Nebraskans, well-versed in the struggles that come along with fighting a multi-billion dollar company looking to build an oil pipeline, are cautiously celebrating alongside the Standing Rock Sioux tribe and their fellow protesters following the Army Corp of Engineers’ announcement that the Dakota Access Pipeline will not be built along its current proposed path – for now, at least.

Bold Nebraska, one of the organizations that helped support the groups fighting back against the $3.78 billion pipeline that was originally planned to be built underneath Lake Ohae, a Missouri River reservoir in North Dakota, is waiting to see what the upcoming Trump administration plans to do with both the Dakota Access Pipeline as well as the Keystone XL Pipeline once they take office in 2017.

President-elect Trump pledged during his campaign that he would push infrastructure projects like these pipelines through, though it’s still unclear just how fast his administration could reverse these decisions blocking their development.

“It's not as easy as he (Trump) says it is on Twitter to approve a pipeline,” commented Jane Kleeb, the founder of Bold Nebraska.

Whether Trump chooses to resume construction of the Dakota Access Pipeline and the Keystone XL Pipeline when he takes office or not, he will face opposition from the same sources that stood against their development since 2008.

“We’ll have some challenges obviously, but I think we can stop this thing,” said Art Tanderup, one of the Nebraskan landowners opposing the Keystone XL Pipeline. “We still have to protect the Sandhills.
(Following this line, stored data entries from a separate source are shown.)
(* Let $0=p_0<p_1<\cdots<p_M<p_{M+1}=1$ and let $c$ be a risk model on a labelled sample $\{(\bm x_j,y_j)\}_{j=1}^N$. (a) If for some $k\in\{0,1,\dots,M-1\}$ we have $p_{k+1}N_k<O_k$, then the model $c_k'$ defined by $c_k'(\bm x_j)=p_{k+1}$ if $c(\bm x_j)\in[p_k,p_{k+1})$ and $c_k'(\bm x_j)=c(\bm x_j)$ otherwise, has strictly larger $\mathrm{AUNBC}$ than $c$. (b) If for some $k\in\{1,\dots,M\}$ we have $p_kN_k>O_k$, then the model $c_k''$ defined by $c_k''(\bm x_j)=p_{k-1}$ if $c(\bm x_j)\in G_k$ and $c_k''(\bm x_j)=c(\bm x_j)$ otherwise, has strictly larger $\mathrm{AUNBC}$ than $c$.
   Context: A risk model is any function $c$ assigning to each sample a value $c(\bm x_j)\in[0,1]$. For $i=0,\dots,M$, $\mathrm{TP}_i(c)=\#\{j:c(\bm x_j)\ge p_i,\ y_j=1\}$, $\mathrm{FP}_i(c)=\#\{j:c(\bm x_j)\ge p_i,\ y_j=0\}$, with $\mathrm{TP}_{M+1}=\mathrm{FP}_{M+1}=0$, and $\mathrm{AUNBC}(c)=\frac1N\sum_{i=0}^M(p_{i+1}-p_i)\big(\mathrm{TP}_i(c)-\mathrm{FP}_i(c)\frac{p_i}{1-p_i}\big)$. The risk groups are $G_i=[p_i,p_{i+1})$ for $i=0,\dots,M-1$ and $G_M=[p_M,1]$; $N_i$ is the number of samples with $c(\bm x_j)\in G_i$ and $O_i$ the number of positive samples ($y_j=1$) with $c(\bm x_j)\in G_i$ (equivalently $O_i=\mathrm{TP}_i-\mathrm{TP}_{i+1}$, $N_i=O_i+\mathrm{FP}_i-\mathrm{FP}_{i+1}$). *)

From mathcomp Require Import all_boot all_order all_algebra.
Set Implicit Arguments. Unset Strict Implicit. Unset Printing Implicit Defensive.
Import Order.TTheory GRing.Theory Num.Theory.
Local Open Scope ring_scope.

Section Defs.
Variables (R : realFieldType) (N M : nat) (p : nat -> R).

(* risk model on the N samples: c j = c(x_j); labels y j = (y_j == 1) *)
Definition TP (c : 'I_N -> R) (y : 'I_N -> bool) (i : nat) : R :=
  if (i <= M)%N then (#|[set j | (p i <= c j) && y j]|)%:R else 0.
Definition FP (c : 'I_N -> R) (y : 'I_N -> bool) (i : nat) : R :=
  if (i <= M)%N then (#|[set j | (p i <= c j) && ~~ y j]|)%:R else 0.

Definition AUNBC (c : 'I_N -> R) (y : 'I_N -> bool) : R :=
  N%:R^-1 * \sum_(0 <= i < M.+1)
     (p i.+1 - p i) * (TP c y i - FP c y i * (p i / (1 - p i))).

Definition inG (i : nat) (v : R) : bool :=
  if (i < M)%N then (p i <= v) && (v < p i.+1)
  else (p M <= v) && (v <= 1).

Definition Ncount (c : 'I_N -> R) (i : nat) : R :=
  (#|[set j | inG i (c j)]|)%:R.
Definition Ocount (c : 'I_N -> R) (y : 'I_N -> bool) (i : nat) : R :=
  (#|[set j | inG i (c j) && y j]|)%:R.
End Defs.

From mathcomp Require Import all_boot all_order all_algebra ring.
Import Order.TTheory GRing.Theory Num.Theory.
Local Open Scope ring_scope.

(* Writing TP_i - FP_i p_i/(1 - p_i) as a sum over samples of the indicator
   [p_i <= c(x_j)] weighted by 1 (positives) or -p_i/(1 - p_i) (negatives),
   moving risk group G_k onto a neighbouring threshold only toggles the
   indicators of its own samples at a single threshold index t.  The AUNBC
   therefore changes by (p_(t+1) - p_t)/N times +/- the weighted count of
   G_k, which equals (O_k - p_t N_k)/(1 - p_t): the hypotheses of (a) and (b)
   are exactly the statements that this change is positive. *)

Section NetBenefit.
Variables (R : realFieldType) (N M : nat) (p : nat -> R).

Lemma natr_leqS_sub (i k : nat) :
  ((i <= k.+1)%N%:R - (i <= k)%N%:R : R) = (i == k.+1)%:R.
Proof.
by rewrite leq_eqVlt ltnS; case: eqP => [->|_]; rewrite ?ltnn /= ?subr0 ?subrr.
Qed.

Definition nb_weight (t : nat) (b : bool) : R :=
  if b then 1 else - (p t / (1 - p t)).

Lemma card_set_indicator (P : pred 'I_N) :
  (#|[set j | P j]|%:R : R) = \sum_j (P j)%:R.
Proof.
rewrite -sum1_card natr_sum big_mkcond /=; apply: eq_bigr => j _.
by rewrite inE; case: (P j).
Qed.

Lemma card_set_gt0 (A : {set 'I_N}) : 0 < (#|A|%:R : R) -> 0 < (N%:R : R).
Proof.
rewrite !ltr0n => /leq_trans; apply.
by rewrite -[X in (_ <= X)%N](card_ord N) max_card.
Qed.

Lemma TP_sub_FP_odds (c : 'I_N -> R) y t : (t <= M)%N ->
  TP M p c y t - FP M p c y t * (p t / (1 - p t)) =
  \sum_j ((p t <= c j)%R)%:R * nb_weight t (y j).
Proof.
move=> ht; rewrite /TP /FP ht !card_set_indicator mulr_suml -sumrB.
apply: eq_bigr => j _; rewrite /nb_weight.
by case: (p t <= c j); case: (y j); rewrite /=; ring.
Qed.

Lemma AUNBC_sub (c c' : 'I_N -> R) y :
  AUNBC M p c' y - AUNBC M p c y =
  N%:R^-1 * \sum_(0 <= i < M.+1) (p i.+1 - p i) *
     \sum_j (((p i <= c' j)%R)%:R - ((p i <= c j)%R)%:R) * nb_weight i (y j).
Proof.
rewrite /AUNBC -mulrBr -sumrB; congr (_ * _).
rewrite big_nat [RHS]big_nat; apply: eq_bigr => i /andP[_ hi].
rewrite -mulrBr !TP_sub_FP_odds // -sumrB; congr (_ * _).
by apply: eq_bigr => j _; rewrite mulrBl.
Qed.

Lemma sum_inG_nb_weight (c : 'I_N -> R) y g t : p t != 1 ->
  \sum_j (inG M p g (c j))%:R * nb_weight t (y j) =
  (Ocount M p c y g - p t * Ncount M p c g) / (1 - p t).
Proof.
move=> pt1; rewrite /Ocount /Ncount !card_set_indicator.
pose F : R := \sum_j (inG M p g (c j) && ~~ y j)%:R.
have -> : \sum_j (inG M p g (c j))%:R =
    \sum_j (inG M p g (c j) && y j)%:R + F :> R.
  rewrite -big_split; apply: eq_bigr => j _.
  by case: (inG M p g (c j)); case: (y j); rewrite /=; ring.
have -> : \sum_j (inG M p g (c j))%:R * nb_weight t (y j) =
    \sum_j (inG M p g (c j) && y j)%:R - F * (p t / (1 - p t)).
  rewrite mulr_suml -sumrB; apply: eq_bigr => j _; rewrite /nb_weight.
  by case: (inG M p g (c j)); case: (y j); rewrite /=; ring.
have : 1 - p t != 0 by rewrite subr_eq0 eq_sym.
by move=> ?; field.
Qed.

Lemma AUNBC_shift_group (c c' : 'I_N -> R) y (g t : nat) (s : R) :
  (t <= M)%N -> p t != 1 ->
  (forall i j, (i <= M)%N ->
     ((p i <= c' j)%R)%:R - ((p i <= c j)%R)%:R =
       (i == t)%:R * s * (inG M p g (c j))%:R) ->
  AUNBC M p c' y - AUNBC M p c y =
  N%:R^-1 * (s * (p t.+1 - p t)) *
    ((Ocount M p c y g - p t * Ncount M p c g) / (1 - p t)).
Proof.
move=> htM pt1 hshift; rewrite AUNBC_sub -mulrA; congr (_ * _).
rewrite -sum_inG_nb_weight //.
transitivity (\sum_(0 <= i < M.+1) (i == t)%:R *
    (s * (p i.+1 - p i) * \sum_j (inG M p g (c j))%:R * nb_weight i (y j))).
  rewrite !big_nat; apply: eq_bigr => i /andP[_ hi].
  rewrite !mulr_sumr; apply: eq_bigr => j _; rewrite hshift //; ring.
rewrite (bigD1_seq t) ?mem_index_iota ?iota_uniq //= eqxx mul1r.
by rewrite [X in _ + X]big1 ?addr0 // => i /negbTE ->; rewrite mul0r.
Qed.

Hypothesis p_incr : forall i, (i <= M)%N -> p i < p i.+1.

Lemma p_ltn a b : (a < b)%N -> (b <= M.+1)%N -> p a < p b.
Proof.
elim: b => // b IH; rewrite ltnS leq_eqVlt => /orP[/eqP->|hab] hb.
  exact: p_incr.
exact: lt_trans (IH hab (ltnW hb)) (p_incr _ hb).
Qed.

Lemma p_leq a b : (a <= M.+1)%N -> (b <= M.+1)%N -> (p a <= p b) = (a <= b)%N.
Proof.
move=> ha hb; case: (ltngtP a b) => [h|h|->]; last exact: lexx.
- by rewrite ltW // p_ltn.
- by apply/negbTE; rewrite -ltNge p_ltn.
Qed.

Lemma inG_p_le {g i v} : (g <= M)%N -> (i <= M)%N -> inG M p g v ->
  (p i <= v) = (i <= g)%N.
Proof.
rewrite /inG => hgM hiM; case: ltnP => [hg|hMg] /andP[hv hv'].
  have [hig|hgi] := leqP i g; first by apply/idP/(le_trans _ hv); rewrite p_leq ?leqW.
  by apply/negbTE; rewrite -ltNge; apply: lt_le_trans hv' _; rewrite p_leq ?leqW.
have -> : g = M by apply/eqP; rewrite eqn_leq hgM.
by rewrite hiM; apply/idP/(le_trans _ hv); rewrite p_leq ?leqW.
Qed.

Lemma raise_group_thresholds (c : 'I_N -> R) k i j : (k < M)%N -> (i <= M)%N ->
  (p i <= (if (p k <= c j) && (c j < p k.+1) then p k.+1 else c j))%R%:R
    - ((p i <= c j)%R)%:R = (i == k.+1)%:R * 1 * (inG M p k (c j))%:R :> R.
Proof.
move=> hk hi; have hG : inG M p k (c j) = (p k <= c j) && (c j < p k.+1).
  by rewrite /inG hk.
rewrite -hG; case hg: (inG M p k (c j)); last by rewrite subrr mulr0.
rewrite (inG_p_le (ltnW hk) hi hg) (p_leq _ _ (leqW hi) (leqW hk)) /=.
by rewrite !mulr1 natr_leqS_sub.
Qed.

Lemma lower_group_thresholds (c : 'I_N -> R) k i j : (0 < k <= M)%N -> (i <= M)%N ->
  (p i <= (if inG M p k (c j) then p k.-1 else c j))%R%:R - ((p i <= c j)%R)%:R
    = (i == k)%:R * -1 * (inG M p k (c j))%:R :> R.
Proof.
case: k => [|k] // /andP[_ hk] hi.
case hg: (inG M p k.+1 (c j)); last by rewrite subrr mulr0.
rewrite (inG_p_le hk hi hg) (p_leq _ _ (leqW hi) (leqW (ltnW hk))) /=.
by rewrite -opprB natr_leqS_sub mulr1 mulrN1.
Qed.

End NetBenefit.

Arguments card_set_gt0 {R N A}.
Arguments p_ltn {R M p}.
Arguments p_leq {R M p}.
Arguments AUNBC_shift_group {R N M p c c' y} g t s.

Theorem theorem2 (R : realFieldType) (N M : nat) (p : nat -> R)
  (c : 'I_N -> R) (y : 'I_N -> bool) :
  p 0%N = 0 -> p M.+1 = 1 ->
  (forall i : nat, (i <= M)%N -> p i < p i.+1) ->
  (forall j, 0 <= c j <= 1) ->
  (forall k : nat, (k < M)%N ->
     p k.+1 * Ncount M p c k < Ocount M p c y k ->
     let c' := fun j => if (p k <= c j) && (c j < p k.+1) then p k.+1 else c j in
     AUNBC M p c y < AUNBC M p c' y) /\
  (forall k : nat, (1 <= k <= M)%N ->
     p k * Ncount M p c k > Ocount M p c y k ->
     let c'' := fun j => if inG M p k (c j) then p k.-1 else c j in
     AUNBC M p c y < AUNBC M p c'' y).
Proof.
move=> p0 pM p_incr _.
have p_ge0 i : (i <= M.+1)%N -> 0 <= p i by move=> hi; rewrite -p0 (p_leq p_incr).
have p_lt1 i : (i <= M)%N -> p i < 1 by move=> hi; rewrite -pM (p_ltn p_incr).
split=> k hk hlt; rewrite /= -subr_gt0.
- have hO : 0 < Ocount M p c y k.
    by apply: le_lt_trans _ hlt; rewrite mulr_ge0 ?p_ge0 ?(leqW hk).
  rewrite (AUNBC_shift_group k k.+1 1 hk (negbT (lt_eqF (p_lt1 _ hk)))); last first.
    by move=> i j; apply: raise_group_thresholds.
  have N_gt0 : 0 < N%:R :> R := card_set_gt0 hO.
  by rewrite mul1r !mulr_gt0 ?invr_gt0 ?subr_gt0 ?p_incr ?p_lt1.
- have hkM : (k <= M)%N by case/andP: hk.
  have hN : 0 < Ncount M p c k.
    rewrite lt_def ler0n andbT; apply: contraTneq hlt => ->.
    by rewrite mulr0 -leNgt ler0n.
  rewrite (AUNBC_shift_group k k (-1) hkM (negbT (lt_eqF (p_lt1 _ hkM)))); last first.
    by move=> i j; apply: lower_group_thresholds.
  rewrite mulN1r mulrN mulNr -mulrN -mulNr opprB.
  have N_gt0 : 0 < N%:R :> R := card_set_gt0 hN.
  by rewrite !mulr_gt0 ?invr_gt0 ?subr_gt0 ?p_incr ?p_lt1.
Qed.
(* Let $H\in C^2(\mathbb{R}^2)$ satisfy (H1) and (H2). Then: (i) $\tilde\tau_H\in C^0(\mathbb{R}^2)$, $\tilde\tau_H(0)=\frac12$, and $\tilde\tau_H(p)\ge\frac12\Big[\frac{\lambda_H(H(p))}{\Lambda_H(H(p))}\Big]^2$ for all $p\ne0$; (ii) if $H^\gamma$ is convex on $H^{-1}([0,R])$ for some $\gamma\in[\frac12,1)$ and $R>0$, then $\tilde\tau_H\ge1-\gamma$ on $H^{-1}([0,R])$.
   Context: Local strong convexity/concavity: for every bounded convex $U\subset\mathbb{R}^2$ there is $\lambda>0$ (resp. $\Lambda>0$) with $H(p)-\frac\lambda2|p|^2$ (resp. $\frac\Lambda2|p|^2-H(p)$) convex on $U$. (H1): $H$ locally strongly convex and locally strongly concave. (H2): $H(0)=\min H=0$. $\lambda_H(R):=\sup_{\epsilon>0}\sup\{\lambda>0: H-\frac\lambda2|p|^2\text{ convex on }H^{-1}([0,R+\epsilon))\}$, $\Lambda_H(R):=\inf_{\epsilon>0}\inf\{\Lambda>0:\frac\Lambda2|p|^2-H\text{ convex on }H^{-1}([0,R+\epsilon))\}$. $\tilde\tau_H(0)=\frac12$ and $\tilde\tau_H(p)=H(p)/\langle[D^2_{pp}H(p)]^{-1}D_pH(p),D_pH(p)\rangle$ for $p\ne0$. *)

From Stdlib Require Import Reals.
From Coquelicot Require Import Coquelicot.
Open Scope R_scope.

Definition sqn (p : R * R) : R := fst p ^ 2 + snd p ^ 2.

Definition comb (t : R) (p q : R * R) : R * R :=
  (t * fst p + (1 - t) * fst q, t * snd p + (1 - t) * snd q).

Definition pd1 (f : R * R -> R) (p : R * R) : R :=
  Derive (fun t => f (t, snd p)) (fst p).
Definition pd2 (f : R * R -> R) (p : R * R) : R :=
  Derive (fun t => f (fst p, t)) (snd p).
(* [re_ip (x - l) t] splits at [u n]; the first part is controlled by the
   distance gap of [u n], the second by Cauchy-Schwarz and [u n --> l]. *)
Lemma minimizing_seq_orth l : hconv ip u l -> forall t, S t -> re_ip (x - l) t = 0.
Proof.
move=> ul t St; set c := re_ip (x - l) t.
have t0 := normsq_ge0 t.
have c2 : c ^+ 2 <= 0.
  apply: (@le0_of_le_mul_pos _ _ (4 * normsq t)); first by rewrite mulr_ge0.
  move=> e e0; have [N1 HN1] := eventually_invSn_lt e0.
  have se : 0 < Num.sqrt e by rewrite sqrtr_gt0.
  have [N2 HN2] := ul _ se.
  pose n := maxn N1 N2; have [Sn un] := u_min n.
  have b1 := HN1 n (leq_maxl _ _).
  have := HN2 n (leq_maxr _ _); rewrite hnormE ltr_sqrt // => b2.
  have h1 := re_ip_sqr_le_gap Sn St.
  have h2 : re_ip (u n - l) t ^+ 2 <= normsq (u n - l) * normsq t.
    by rewrite -[normsq (u n - l)]subr0; apply: sqr_re_ip_le => c'; exact: normsq_ge0.
  have -> : c = re_ip (x - u n) t + re_ip (u n - l) t by rewrite /c -re_ipDl addrA subrK.
  move: (ler_wpM2r t0 (ltW b1)) (ler_wpM2r t0 (ltW b2)) (ler_wpM2r t0 (ltW un)) h1 h2.
  move: (sqr_ge0 (re_ip (x - u n) t - re_ip (u n - l) t)).
  set a := re_ip _ t; set b := re_ip _ t; set i := n.+1%:R^-1.
  move=> *; nra.
by apply/eqP; rewrite -sqrf_eq0 eq_le c2 sqr_ge0.
Qed.

End Projection.

Theorem orthogonal_projection (S : V -> Prop) : S 0 ->
  (forall a u v, S u -> S v -> S (a *: u + v)) ->
  (forall u l, (forall n, S (u n)) -> hconv ip u l -> S l) ->
  forall x, exists2 l, S l & forall t, S t -> ip (x - l) t = 0.
Proof.
move=> S0 SDZ Scl x.
have [u u_min] := minimizing_seq_ex S0 x.
have u_cauchy := minimizing_seq_cauchy S0 SDZ u_min.
have [l ul] := hcauchy_hconv u_cauchy.
have Sl : S l by apply: (Scl u) => // n; case: (u_min n).
exists l => // t St.
(* the real part of [ip (x - l) ('i *: t)] is the imaginary part of [ip (x - l) t] *)
have := minimizing_seq_orth S0 SDZ u_min ul St.
have := minimizing_seq_orth S0 SDZ u_min ul (subspaceZ S0 SDZ 'i St).
rewrite /re_ip ipZr; case: (ip (x - l) t) => a b /= im0 re0.
by move: im0; rewrite mul0r sub0r mulN1r opprK re0 => ->.
Qed.

End InnerProduct.

Section ProductSpace.
Variables (R : realType) (X : lmodType R[i]) (ip : X -> X -> R[i]).
Hypothesis ipH : is_hilbert ip.

Definition prod_ip (p q : X * X) : R[i] := ip p.1 q.1 + ip p.2 q.2.

Lemma normsq_prod v : normsq prod_ip v = normsq ip v.1 + normsq ip v.2.
Proof. by rewrite /normsq /re_ip /prod_ip; case: (ip v.1 v.1); case: (ip v.2 v.2). Qed.

Lemma hnorm_fst_le v : hnorm ip v.1 <= hnorm prod_ip v.
Proof. by rewrite !hnormE normsq_prod ler_wsqrtr // lerDl normsq_ge0. Qed.

Lemma hnorm_snd_le v : hnorm ip v.2 <= hnorm prod_ip v.
Proof. by rewrite !hnormE normsq_prod ler_wsqrtr // lerDr normsq_ge0. Qed.

Lemma hconv_fst (w : nat -> X * X) l :
  hconv prod_ip w l -> hconv ip (fun n => (w n).1) l.1.
Proof.
move=> wl e /wl [N HN]; exists N => n Nn.
exact: le_lt_trans (hnorm_fst_le (w n - l)) (HN n Nn).
Qed.

Lemma hconv_snd (w : nat -> X * X) l :
  hconv prod_ip w l -> hconv ip (fun n => (w n).2) l.2.
Proof.
move=> wl e /wl [N HN]; exists N => n Nn.
exact: le_lt_trans (hnorm_snd_le (w n - l)) (HN n Nn).
Qed.

Lemma hcauchy_fst (w : nat -> X * X) :
  hcauchy prod_ip w -> hcauchy ip (fun n => (w n).1).
Proof.
move=> Cw e /Cw [N HN]; exists N => n m Nn Nm.
exact: le_lt_trans (hnorm_fst_le (w n - w m)) (HN n m Nn Nm).
Qed.

Lemma hcauchy_snd (w : nat -> X * X) :
  hcauchy prod_ip w -> hcauchy ip (fun n => (w n).2).
Proof.
move=> Cw e /Cw [N HN]; exists N => n m Nn Nm.
exact: le_lt_trans (hnorm_snd_le (w n - w m)) (HN n m Nn Nm).
Qed.

Lemma hconv_pair (w : nat -> X * X) l1 l2 :
  hconv ip (fun n => (w n).1) l1 -> hconv ip (fun n => (w n).2) l2 ->
  hconv prod_ip w (l1, l2).
Proof.
move=> w1 w2 e e0; have e2 : 0 < e / 2 by rewrite divr_gt0.
have [N1 HN1] := w1 _ e2; have [N2 HN2] := w2 _ e2.
exists (maxn N1 N2) => n Nn.
move: (HN1 n (leq_trans (leq_maxl _ _) Nn)) (HN2 n (leq_trans (leq_maxr _ _) Nn)).
rewrite !hnormE !sqrt_ltE // normsq_prod /=.
have e4 : (e / 2) ^+ 2 * 4 = e ^+ 2 by field.
move: e4 (sqr_ge0 e); set q := (e / 2) ^+ 2; set E := e ^+ 2; move=> *; lra.
Qed.

Lemma prod_ip_hilbert : is_hilbert prod_ip.
Proof.
split.
- by move=> a x y z; rewrite /prod_ip /= !(ipDZl ipH); ring.
- by move=> x y; rewrite /prod_ip rmorphD /= -!(ipC ipH).
- by move=> x; rewrite /prod_ip addr_ge0 ?(ip_ge0 ipH).
- move=> [x1 x2]; rewrite /prod_ip /= => /eqP; rewrite paddr_eq0 ?(ip_ge0 ipH) //.
  by case/andP => /eqP/(ip_eq0 ipH) -> /eqP/(ip_eq0 ipH) ->.
- move=> w Cw.
  have [l1 wl1] := hcauchy_hconv ipH (hcauchy_fst Cw).
  have [l2 wl2] := hcauchy_hconv ipH (hcauchy_snd Cw).
  by exists (l1, l2); exact: hconv_pair.
Qed.

Lemma closed_rel_seq (T : linrel X) : is_closed_rel ip T ->
  forall w l, (forall n, T (w n)) -> hconv prod_ip w l -> T l.
Proof.
move=> Tc w [l1 l2] Tw wl.
apply: Tc (hconv_fst wl) (hconv_snd wl) => n.
by case: (w n) (Tw n).
Qed.

End ProductSpace.

Section LinearRelations.
Variables (R : realType) (X : lmodType R[i]) (ip : X -> X -> R[i]).
Hypothesis ipH : is_hilbert ip.
Implicit Types A B T : linrel X.

Lemma linrel_subspace T : is_linrel T ->
  forall a (u v : X * X), T u -> T v -> T (a *: u + v).
Proof. by move=> [_ TDZ] a [u1 u2] [v1 v2]; apply: TDZ. Qed.

Lemma linrelDZ T : is_linrel T ->
  forall a f g f' g', T (f, g) -> T (f', g') -> T (a *: f + f', a *: g + g').
Proof. by move=> [_ TDZ] a f g f' g'; apply: (TDZ a (f, g) (f', g')). Qed.

Lemma linrelB T : is_linrel T ->
  forall f g f' g', T (f, g) -> T (f', g') -> T (f - f', g - g').
Proof.
move=> HT f g f' g' Tfg Tfg'.
by have := linrelDZ HT (-1) Tfg' Tfg; rewrite !scaleN1r ![- _ + _]addrC.
Qed.

Lemma linrelN T : is_linrel T -> forall f g, T (f, g) -> T (- f, - g).
Proof. by move=> HT f g Tfg; have := linrelB HT HT.1 Tfg; rewrite !sub0r. Qed.

Lemma dom0 T : is_linrel T -> dom T 0.
Proof. by case=> T0 _; exists 0. Qed.

Lemma dom_linear T : is_linrel T ->
  forall a x y, dom T x -> dom T y -> dom T (a *: x + y).
Proof. by move=> HT a x y [gx Tx] [gy Ty]; exists (a *: gx + gy); apply: linrelDZ. Qed.

Lemma domB T : is_linrel T -> forall x y, dom T x -> dom T y -> dom T (x - y).
Proof. by move=> HT x y [gx Tx] [gy Ty]; exists (gx - gy); apply: linrelB. Qed.

Lemma adj_linrel T : is_linrel (adj ip T).
Proof.
split=> [x y _|a p q Tp Tq x y Txy] /=; first by rewrite !(ip0l ipH).
by rewrite !(ipDZl ipH) (Tp x y Txy) (Tq x y Txy).
Qed.

Lemma dual_pair_sym A B : rel_sub A (adj ip B) -> rel_sub B (adj ip A).
Proof.
move=> AB [x y] Bxy u v Auv /=.
by rewrite (ipC ipH u y) -(AB _ Auv x y Bxy) -(ipC ipH).
Qed.

Definition adj_ominus A B : linrel X :=
  fun p => adj ip A p /\ forall q, B q -> prod_ip ip p q = 0.

Lemma adj_ominus_linrel A B : is_linrel (adj_ominus A B).
Proof.
split; first by split=> [|q _]; [exact: (adj_linrel A).1 | rewrite /prod_ip !(ip0l ipH) addr0].
move=> a p q [Ap Bp] [Aq Bq]; split; first exact: (adj_linrel A).2.
move=> r Br; have := Bp r Br; have := Bq r Br.
by rewrite /prod_ip /= !(ipDZl ipH) addrACA -mulrDr => -> ->; rewrite mulr0 addr0.
Qed.

Lemma adj_ominus_rot A B f g : adj_ominus A B (f, g) -> adj_ominus B A (- g, f).
Proof.
move=> [Afg Bfg]; split=> [x y Bxy | [x y] Axy] /=.
  by apply/eqP; rewrite (ipNl ipH) -addr_eq0; apply/eqP/(Bfg (x, y)).
by rewrite /prod_ip /= (ipNl ipH) (Afg x y Axy) addNr.
Qed.

Lemma adj_decomp A B : is_linrel B -> is_closed_rel ip B -> rel_sub B (adj ip A) ->
  forall p, adj ip A p -> exists2 b, B b & adj_ominus A B (p - b).
Proof.
move=> HB HBc BA [f g] Afg.
have [[b1 b2] Bb orth] := orthogonal_projection (prod_ip_hilbert ipH) HB.1
  (linrel_subspace HB) (closed_rel_seq ipH HBc) (f, g).
by exists (b1, b2) => //; split; [exact (linrelB (adj_linrel A) Afg (BA _ Bb)) | exact: orth].
Qed.

Lemma rel_infty_subspace T : is_linrel T ->
  forall a u v, rel_infty T u -> rel_infty T v -> rel_infty T (a *: u + v).
Proof.
move=> HT a [u1 u2] [v1 v2] [Tu /= u10] [Tv /= v10].
by split; [exact (linrel_subspace HT a Tu Tv) | rewrite /= u10 v10 scaler0 addr0].
Qed.

Lemma rel_infty_closed T : is_closed_rel ip T ->
  forall w l, (forall n, rel_infty T (w n)) -> hconv (prod_ip ip) w l -> rel_infty T l.
Proof.
move=> Tc w l Tw wl; split; first by apply: (closed_rel_seq ipH Tc) wl => n; case: (Tw n).
by apply: (hconv_const0 ipH) (hconv_fst ipH wl) => n; case: (Tw n).
Qed.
We still have to protect the Ogallala Aquifer. We still have to protect the landowners along the route.”

A key concern of both the Standing Rock Sioux tribe and Nebraskan landowners is the safety of their water supply. The proposed route of both pipelines puts millions of people’s source of drinking water at risk if a spill ever occurs – the Keystone XL Pipeline threatened the Ogallala Aquifer which provides water for two million or so people, and the Dakota Access Pipeline threatened Lake Ohae, the Standing Rock Sioux tribe’s source of water. In fact, the Dakota Access Pipeline was initially planned to cross the Missouri River just north of Bismarck, North Dakota before being rerouted in order to protect that city’s water supply.

According to Brian Jorde, the attorney for the Nebraskan landowners, TransCanada needs to wait until at least September of 2017 to resume their eminent domain efforts to secure a path for their pipeline since they abandoned those proceedings back in September of 2015. Nebraska state law requires a two year waiting period between abandonment and restarting the process.

The Army Corps of Engineers currently plans to look for alternate routes for the Dakota Access Pipeline that won’t threaten water supplies or sacred ancestral lands, and will conduct an environmental impact study that will include public input. This process could take years.